[[ DATA UNDER STUDY, beginning ]]

(* Let $\varrho:\mathcal{Z}\to\mathbb{R}\cup\{+\infty\}$ be a coherent risk measure with preference to small outcomes which is normalized, i.e. $\varrho[\mathbb{I}]=1$. Then for every $\zeta\in\operatorname{dom}\varrho^*$, $\int_\Omega\langle\mathbf{1},\zeta(\omega)\rangle\,P(d\omega)=1$.
   Context: $(\Omega,\mathcal{F},P)$ is a probability space, $m\ge1$, $p\in[1,\infty)$, $\mathcal{Z}=\mathcal{L}_p(\Omega,\mathcal{F},P;\mathbb{R}^m)$ with norm topology, $\mathcal{Z}^*=\mathcal{L}_q(\Omega,\mathcal{F},P;\mathbb{R}^m)$, $1/p+1/q=1$, pairing $\langle\zeta,X\rangle=\int_\Omega\langle\zeta(\omega),X(\omega)\rangle\,dP(\omega)$. $\mathbf{1}\in\mathbb{R}^m$ is the all-ones vector, $\mathbb{I}$ the constant random vector equal to $\mathbf{1}$. A coherent risk measure with preference to small outcomes is a lower semicontinuous functional $\varrho:\mathcal{Z}\to\mathbb{R}\cup\{+\infty\}$ with nonempty domain satisfying: (A1) convexity; (A2) $X_i\ge Y_i$ a.s. for all $i$ implies $\varrho[X]\ge\varrho[Y]$; (A3) $\varrho[tX]=t\varrho[X]$ for $t>0$; (A4) $\varrho[X+a\mathbb{I}]=\varrho[X]+a\varrho[\mathbb{I}]$ for all $X$, $a\in\mathbb{R}$. $\varrho^*[\zeta]=\sup_X\{\langle\zeta,X\rangle-\varrho[X]\}$ and $\operatorname{dom}\varrho^*=\{\zeta:\varrho^*[\zeta]<\infty\}$. *)

From HB Require Import structures.
From mathcomp Require Import all_boot all_order all_algebra.
From mathcomp Require Import all_classical all_reals all_analysis.
Set Implicit Arguments. Unset Strict Implicit. Unset Printing Implicit Defensive.
Import Order.TTheory GRing.Theory Num.Theory.
Local Open Scope classical_set_scope.
Local Open Scope ring_scope.
Local Open Scope ereal_scope.

(* A random vector in R^m is represented by its m components X i : T -> R. *)
Definition rvec (T : Type) (R : Type) (m : nat) := 'I_m -> T -> R.

Section Defs.
Context (d : measure_display) (T : measurableType d) (R : realType) (m : nat).
Variable P : probability T R.

Definition inL (r : \bar R) (X : rvec T R m) : Prop :=
  forall i, measurable_fun setT (X i) /\ finite_norm P r (X i).

(* conjugate exponent q of p : 1/p + 1/q = 1 *)
Definition conj_exp (p : R) : \bar R :=
  if p == 1%R then +oo else (p / (p - 1))%:E.

(* a norm on L_p(Omega;R^m) (equivalent to any other choice, all norms on R^m
   being equivalent; only the induced topology matters) *)
Definition Lpnorm (p : R) (X : rvec T R m) : \bar R :=
  \sum_(i < m) 'N[P]_(p%:E)[EFin \o X i].

Definition pairing (zeta X : rvec T R m) : \bar R :=
  \sum_(i < m) \int[P]_w (zeta i w * X i w)%:E.

Definition vadd (X Y : rvec T R m) : rvec T R m := fun i w => (X i w + Y i w)%R.
Definition vscale (t : R) (X : rvec T R m) : rvec T R m := fun i w => (t * X i w)%R.
Definition vone : rvec T R m := fun _ _ => 1%R.

Definition coherent_risk (p : R) (rho : rvec T R m -> \bar R) : Prop :=
  (forall X, inL p%:E X -> rho X != -oo) /\
  (exists X, inL p%:E X /\ rho X < +oo) /\
  (forall X c, inL p%:E X -> c%:E < rho X ->
     exists2 delta : R, (0 < delta)%R &
       forall Y, inL p%:E Y -> Lpnorm p (vadd Y (vscale (-1) X)) < delta%:E ->
         c%:E < rho Y) /\
  (forall X Y (l : R), inL p%:E X -> inL p%:E Y -> (0 <= l <= 1)%R ->
     rho (vadd (vscale l X) (vscale (1 - l) Y)) <=
       l%:E * rho X + (1 - l)%:E * rho Y) /\
  (forall X Y, inL p%:E X -> inL p%:E Y ->
     {ae P, forall w, forall i, (Y i w <= X i w)%R} -> rho Y <= rho X) /\
  (forall X (t : R), inL p%:E X -> (0 < t)%R -> rho (vscale t X) = t%:E * rho X) /\
  (forall X (a : R), inL p%:E X ->
     rho (vadd X (vscale a vone)) = rho X + a%:E * rho vone).

Definition conjugate (p : R) (rho : rvec T R m -> \bar R) (zeta : rvec T R m)
  : \bar R :=
  ereal_sup [set pairing zeta X - rho X | X in [set X | inL p%:E X]].

Definition dom_conj (p : R) (rho : rvec T R m -> \bar R) (zeta : rvec T R m)
  : Prop :=
  inL (conj_exp p) zeta /\ conjugate p rho zeta < +oo.

End Defs.

From HB Require Import structures.
From mathcomp Require Import all_boot all_order all_algebra.
From mathcomp Require Import all_classical all_reals all_analysis.
From mathcomp Require Import lra.
Set Implicit Arguments. Unset Strict Implicit.
Import Order.TTheory GRing.Theory Num.Theory.
Local Open Scope classical_set_scope.
Local Open Scope ring_scope.
Local Open Scope ereal_scope.

(* Testing the conjugate against the constant positions b I gives
   rho^*[zeta] >= b E<1, zeta> - rho[b I] = b (E<1, zeta> - 1) for every real b,
   since rho[b I] = b by translation invariance and normalization.  A linear
   function of b bounded above by the finite number rho^*[zeta] is zero. *)

Lemma linear_ubounded_eq0 (R : realFieldType) (a c : R) :
  (forall b, b * a <= c)%R -> a = 0%R.
Proof.
move=> le_c; apply/eqP; apply: contraT => a_neq0.
have := le_c ((c + 1) / a)%R.
by rewrite -mulrA mulVf // mulr1; lra.
Qed.

Lemma conj_exp_ge1 (R : realType) (p : R) : (1 <= p)%R -> 1 <= conj_exp p.
Proof.
move=> p_ge1; rewrite /conj_exp; case: ifPn => [_|p_neq1]; first exact: leey.
have p_gt1 : (1 < p)%R by rewrite lt_neqAle eq_sym p_neq1 p_ge1.
by rewrite lee_fin ler_pdivlMr ?subr_gt0 // mul1r; lra.
Qed.

Definition vcst {T R : Type} (m : nat) (b : R) : rvec T R m := fun _ _ => b.
Arguments vcst {T R} m b.

Section constant_positions.
Context (d : measure_display) (T : measurableType d) (R : realType).
Variable P : probability T R.

Lemma finite_norm_integrable (q : \bar R) (f : T -> R) :
  1 <= q -> measurable_fun setT f -> finite_norm P q f ->
  P.-integrable setT (EFin \o f).
Proof.
move=> q_ge1 mf ff; apply/Lfun1_integrable.
apply: (@Lfun_subset _ _ _ P 1 q (lexx _) q_ge1) => //.
- by rewrite fin_num_measure.
- by apply/andP; split; rewrite inE.
Qed.

Lemma inL_vcst (m : nat) (p b : R) : inL P p%:E (vcst m b).
Proof.
move=> i; split; first exact: measurable_cst.
by have /andP[_] := @Lfun_cst _ _ _ P b p; rewrite inE.
Qed.

Lemma pairing_vcst (m : nat) (zeta : rvec T R m) (b : R) :
  (forall i, P.-integrable setT (EFin \o zeta i)) ->
  pairing P zeta (vcst m b) = b%:E * \sum_(i < m) \int[P]_w (zeta i w)%:E.
Proof.
move=> Izeta; rewrite /pairing fin_num_sume_distrr //.
  apply: eq_bigr => i _.
  under eq_integral do rewrite EFinM muleC.
  by rewrite integralZl //; exact: Izeta.
by move=> i j _ _; rewrite fin_num_adde_defl //; exact: integrable_fin_num _ (Izeta j).
Qed.

Lemma coherent_risk_vcst (m : nat) (p : R) (rho : rvec T R m -> \bar R) (b : R) :
  coherent_risk P p rho -> rho (@vone d T R m) = 1 -> rho (vcst m b) = b%:E.
Proof.
move=> [_ [_ [_ [_ [_ [_ translation]]]]]] rho1.
have -> : vcst m b = vadd (@vone d T R m) (vscale (b - 1) (@vone d T R m)).
  by apply/funext => i; apply/funext => w; rewrite /vadd /vscale /vone mulr1 addrC subrK.
rewrite translation; last exact: inL_vcst 1%R.
by rewrite rho1 mule1 -EFinD addrC subrK.
Qed.

End constant_positions.

Theorem corollary2 (d : measure_display) (T : measurableType d) (R : realType)
  (P : probability T R) (m : nat) (p : R) (rho : rvec T R m -> \bar R) :
  (1 <= m)%N -> (1 <= p)%R ->
  coherent_risk P p rho ->
  rho (@vone d T R m) = 1 ->
  forall zeta : rvec T R m, dom_conj P p rho zeta ->
    \int[P]_w (\sum_(i < m) zeta i w)%:E = 1.
Proof.
move=> _ p_ge1 rho_coherent rho1 zeta [Lzeta conj_lt].
have Izeta i : P.-integrable setT (EFin \o zeta i).
  by have [mz fz] := Lzeta i; exact: finite_norm_integrable (conj_exp_ge1 p_ge1) mz fz.
set S := \sum_(i < m) \int[P]_w (zeta i w)%:E.
have -> : \int[P]_w (\sum_(i < m) zeta i w)%:E = S.
  under eq_integral do rewrite -sumEFin.
  by rewrite (integral_sum measurableT Izeta).
have S_fin : S \is a fin_num.
  by apply/sum_fin_numP => i _ _; exact: integrable_fin_num _ (Izeta i).
have conj_ge b : b%:E * S - b%:E <= conjugate P p rho zeta.
  apply: ereal_sup_ubound; exists (vcst m b); first exact: inL_vcst.
  by rewrite pairing_vcst // (coherent_risk_vcst _ rho_coherent rho1).
have conj_fin : conjugate P p rho zeta \is a fin_num.
  rewrite fin_numElt conj_lt andbT (lt_le_trans _ (conj_ge 0%R)) //.
  by rewrite mul0e sube0 ltNy0.
clearbody S; move: S_fin conj_fin conj_ge.
case: S => // s _; case: (conjugate P p rho zeta) => // c _ conj_ge.
congr (_%:E); apply/eqP; rewrite -subr_eq0; apply/eqP.
apply: (linear_ubounded_eq0 (c := c)) => b.
by have := conj_ge b; rewrite -EFinM -EFinB lee_fin mulrBr mulr1.
Qed.
(* Fix an integer $r\ge2$. There exist constants $d_0=d_0(r)>0$ and $K=K(r)>0$ such that for every $d>d_0$, every $\lambda\in[0,1]$ with $(r-1)d\lambda^2\le1$, and every BMS channel $P$, $\big|C_{\chi^2}(P^{\times(r-1)}\circ B_{r,\lambda})-s_{r,\lambda}(C_{\chi^2}(P))\big|\le K\lambda^3$, where $s_{r,\lambda}(x)=\lambda^2\cdot\frac12\big((1+x)^{r-1}-(1-x)^{r-1}\big)$.
   Context: $B_{r,\lambda}:\{\pm\}\to\{\pm\}^{r-1}$ is the kernel $B_{r,\lambda}(x|y)=\lambda+2^{-(r-1)}(1-\lambda)$ if $x_i=y$ for all $i$, and $2^{-(r-1)}(1-\lambda)$ otherwise. A channel $P:\{\pm\}\to\mathcal Y$ is BMS if there is a measurable involution $\sigma$ of $\mathcal Y$ with $P(E|+)=P(\sigma(E)|-)$. $P^{\times(r-1)}$ is the $(r-1)$-fold tensor power. $C_{\chi^2}(P)$ is the $\chi^2$-information between $X\sim\mathrm{Unif}(\{\pm\})$ and the output of $P$. *)

From HB Require Import structures.
From mathcomp Require Import all_boot all_order all_algebra.
From mathcomp Require Import all_classical all_reals all_analysis.
Unset Printing Implicit Defensive.
Import Order.TTheory GRing.Theory Num.Theory.
Local Open Scope classical_set_scope.
Local Open Scope ring_scope.

(* Input alphabet {+,-} is encoded as bool: true = +, false = -. *)

Section Defs.
Context {R : realType}.

(* The kernel B_{r,lambda} : {+-} -> {+-}^(r-1), written with n = r - 1:
   B(x | y) = lam + 2^-n (1 - lam) if x_i = y for all i, 2^-n (1-lam) else. *)
Definition Bker (n : nat) (lam : R) (y : bool) (x : n.-tuple bool) : R :=
  if [forall i : 'I_n, tnth x i == y] then lam + (1 - lam) / 2 ^+ n
  else (1 - lam) / 2 ^+ n.

Context {dY : measure_display} {Y : measurableType dY}.

(* A BMS channel P : {+-} -> Y, given by its densities p x = dP(.|x)/dnu with
   respect to a sigma-finite reference measure nu on Y, together with a
   measurable involution sigma with P(E|+) = P(sigma(E)|-). *)
Definition BMS_channel (nu : {measure set Y -> \bar R}) (p : bool -> Y -> R)
    (sigma : Y -> Y) : Prop :=
  [/\ sigma_finite [set: Y] nu,
      forall x, measurable_fun [set: Y] (p x),
      forall x y, 0 <= p x y,
      forall x, (\int[nu]_y (p x y)%:E = 1)%E &
      measurable_fun [set: Y] sigma /\ cancel sigma sigma /\
      forall E, measurable E ->
        (\int[nu]_(y in E) (p true y)%:E =
         \int[nu]_(y in sigma @` E) (p false y)%:E)%E].

(* Iterated integral against nu^{(x) n} on n.-tuple Y (equal, by Tonelli, to
   the integral w.r.t. the n-fold product measure for nonnegative integrands). *)
Fixpoint iint (nu : {measure set Y -> \bar R}) (n : nat) :
    (n.-tuple Y -> \bar R) -> \bar R :=
  match n return (n.-tuple Y -> \bar R) -> \bar R with
  | 0 => fun F => F [tuple]
  | m.+1 => fun F => (\int[nu]_y iint nu m (fun t : m.-tuple Y => F [tuple of y :: t]))%E
  end.

(* Density (w.r.t. nu^{(x) n}) of the composite channel P^{x n} o B_{n+1,lam}:
   input x, B outputs z in {+-}^n, each z_i goes independently through P. *)
Definition comp_density (n : nat) (lam : R) (p : bool -> Y -> R)
    (x : bool) (t : n.-tuple Y) : R :=
  \sum_(z : n.-tuple bool) Bker n lam x z * \prod_(i < n) p (tnth z i) (tnth t i).

End Defs.
Arguments Bker {R} n lam y x.
Arguments comp_density {R dY Y} n lam p x t.

(* Pointwise density of chi^2(P_{XY} || P_X (x) P_Y) for X ~ Unif{+-} and a
   binary-input channel with output densities q x: with qb = (q + + q -)/2,
   sum_x 1/2 * qb * (q x / qb - 1)^2   (0 where qb = 0). *)
Definition chi2_integrand {R : realType} {T : Type} (q : bool -> T -> R) (t : T) : R :=
  let qb := (q true t + q false t) / 2 in
  \sum_(x : bool) 2^-1 * (qb * (q x t / qb - 1) ^+ 2).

[[ DATA UNDER STUDY, end ]]

Using the records above, set down exactly the lines from the one with "F => F [tuple]" through the one with "input x, B outputs", inclusive, and nothing more.

  | 0 => fun F => F [tuple]
  | m.+1 => fun F => (\int[nu]_y iint nu m (fun t : m.-tuple Y => F [tuple of y :: t]))%E
  end.

(* Density (w.r.t. nu^{(x) n}) of the composite channel P^{x n} o B_{n+1,lam}:
   input x, B outputs z in {+-}^n, each z_i goes independently through P. *)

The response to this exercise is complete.